Task to carry out
Below are entries; copy exactly the lines from the one with "[set j | \big[kadd/k0]_(i" through the one with "and two, since", both included, and leave out the rest.

━━━━━━━━

Definition JA (U : {set 'I_n.-1}) : {set 'I_n} :=
  [set j | \big[kadd/k0]_(i in U) A i j == k1].

End Defs.

Definition in_span (m k : nat) (f : 'I_k -> {mpoly 'F_2[m]}) (p : {mpoly 'F_2[m]}) : Prop :=
  exists c : 'I_k -> 'F_2, p = \sum_(j < k) c j *: f j.

Definition theta_shift (n : nat) (A : 'M[Kl]_(n.-1, n)) (j : 'I_n) : {mpoly 'F_2[n.-1]} :=
  match (insub (val j) : option 'I_n.-1) with
  | Some k => thetaA A j - 'X_k ^+ 2
  | None => thetaA A j
  end.

Definition embedU (n : nat) (U : {set 'I_n.-1}) : {set 'I_n} :=
  [set widen_ord (leq_pred n) i | i in U].

(* symmetric difference, the sum of P_n *)
Definition symdiff (T : finType) (X Y : {set T}) : {set T} := (X :\: Y) :|: (Y :\: X).

(* All polynomials in (1) and (2) are quadratic forms over F_2 in m = n - 1
   variables.  We evaluate them at indicator vectors of subsets U of {1..m}: a
   quadratic form over F_2 is determined by its values on the sets of size one
   and two, since these recover its diagonal and its cross coefficients.  The
   values we need are explicit: theta_j(U) = [j in J_A(U)], x_k^2(U) = [k in U],
   sigma_2(U) = C(|U|,2) and, because alpha_j + beta_j = sum_(k <> j) x_k, the
   form w_2 is the second elementary symmetric function of these n linear forms,
   whence w_2({a,b}) = w_2({a}) + w_2({b}) + 1.  Then (1) <-> (2) follows by
   comparing values on sets of size at most two, and (2) <-> (3) because (3)
   says exactly that the two sides of (2), with coefficients the indicator of
   S, take the same value at every U. *)

From HB Require Import structures.
From mathcomp Require Import all_boot all_order all_algebra.
From mathcomp Require Import mpoly.
From mathcomp Require Import ring zify.
Import GRing.Theory.
Local Open Scope ring_scope.
Set Implicit Arguments. Unset Strict Implicit.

━━━━━━━━

Solution to this task
  [set j | \big[kadd/k0]_(i in U) A i j == k1].

End Defs.

Definition in_span (m k : nat) (f : 'I_k -> {mpoly 'F_2[m]}) (p : {mpoly 'F_2[m]}) : Prop :=
  exists c : 'I_k -> 'F_2, p = \sum_(j < k) c j *: f j.

Definition theta_shift (n : nat) (A : 'M[Kl]_(n.-1, n)) (j : 'I_n) : {mpoly 'F_2[n.-1]} :=
  match (insub (val j) : option 'I_n.-1) with
  | Some k => thetaA A j - 'X_k ^+ 2
  | None => thetaA A j
  end.

Definition embedU (n : nat) (U : {set 'I_n.-1}) : {set 'I_n} :=
  [set widen_ord (leq_pred n) i | i in U].

(* symmetric difference, the sum of P_n *)
Definition symdiff (T : finType) (X Y : {set T}) : {set T} := (X :\: Y) :|: (Y :\: X).

(* All polynomials in (1) and (2) are quadratic forms over F_2 in m = n - 1
   variables.  We evaluate them at indicator vectors of subsets U of {1..m}: a
   quadratic form over F_2 is determined by its values on the sets of size one
   and two, since these recover its diagonal and its cross coefficients.  The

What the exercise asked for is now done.